[PROBLEM DETAILS]: Among the entries below, one stretch runs from the line that contains "(forall lopt, is_max_speed I xi lopt ->" through the line that contains "- intros l Hmax.". Repeat that stretch exactly, ends included, and only that.

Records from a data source
Lemma acceptance_at_argmax a : a_lo <= a <= a_hi ->
  Rabs (1 - 2 * atan a / PI - 439 / 1000) <= 5 / 10000.
Proof.
  intros Ha. unfold a_lo, a_hi in Ha.
  assert (Hpos : 0 < a) by lra.
  pose proof atan_inv_a_lo as [Hlo _]. pose proof atan_inv_a_hi as [Hhi _].
  assert (Hinv : / a_hi <= / a <= / a_lo)
    by (unfold a_lo, a_hi; split; apply Rinv_le_contravar; lra).
  assert (Hatan : atan (/ a_hi) <= atan (/ a) <= atan (/ a_lo))
    by (split; apply atan_le_compat; lra).
  rewrite (atan_inv a) in Hatan by lra. pose proof PI_bounds.
  set (t := atan a) in *.
  set (q := 1 - 2 * t / PI).
  assert (Eq : q * PI = 2 * (PI / 2 - t)) by (unfold q; field; lra).
  apply Rabs_le. split; nra.
Qed.

Theorem corollary3 (I xi : R) (hI : 0 < I) (hxi : 0 < xi) :
  (exists lopt, is_max_speed I xi lopt) /\
  (forall lopt, is_max_speed I xi lopt ->
     Rabs (lopt * xi * sqrt I - 2426 / 1000) <= 5 / 10000 /\
     Rabs (alpha_acc I xi lopt - 439 / 1000) <= 5 / 10000).
Proof.
  set (s := xi * sqrt I).
  assert (Hs : 0 < s) by (unfold s; pose proof (sqrt_lt_R0 I hI); nra).
  split.
  - destruct speed_profile_has_max as [a [Ha Hmax]].
    assert (Hl : 0 < 2 * a / s) by (apply Rdiv_lt_0_compat; lra).
    exists (2 * a / s). apply is_max_speed_profile; auto. fold s.
    replace (2 * a / s * s / 2) with a by (field; lra). exact Hmax.
  - intros l Hmax. assert (Hl : 0 < l) by apply Hmax.
    rewrite (is_max_speed_profile I xi l hI hxi Hl) in Hmax. fold s in Hmax.
    assert (Ha : 0 < l * s / 2) by nra.
    pose proof (speed_profile_argmax_bounds _ Ha Hmax) as Hbounds.
    assert (E : l * xi * sqrt I = 2 * (l * s / 2)) by (unfold s; field).
    split.
    + rewrite E. unfold a_lo, a_hi in Hbounds. apply Rabs_le. lra.
    + rewrite alpha_acc_closed, E by (rewrite E; lra).
      replace (2 * (l * s / 2) / 2) with (l * s / 2) by field.
      apply acceptance_at_argmax, Hbounds.
Qed.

[EXERCISE SOLUTION]:
  (forall lopt, is_max_speed I xi lopt ->
     Rabs (lopt * xi * sqrt I - 2426 / 1000) <= 5 / 10000 /\
     Rabs (alpha_acc I xi lopt - 439 / 1000) <= 5 / 10000).
Proof.
  set (s := xi * sqrt I).
  assert (Hs : 0 < s) by (unfold s; pose proof (sqrt_lt_R0 I hI); nra).
  split.
  - destruct speed_profile_has_max as [a [Ha Hmax]].
    assert (Hl : 0 < 2 * a / s) by (apply Rdiv_lt_0_compat; lra).
    exists (2 * a / s). apply is_max_speed_profile; auto. fold s.
    replace (2 * a / s * s / 2) with a by (field; lra). exact Hmax.
  - intros l Hmax. assert (Hl : 0 < l) by apply Hmax.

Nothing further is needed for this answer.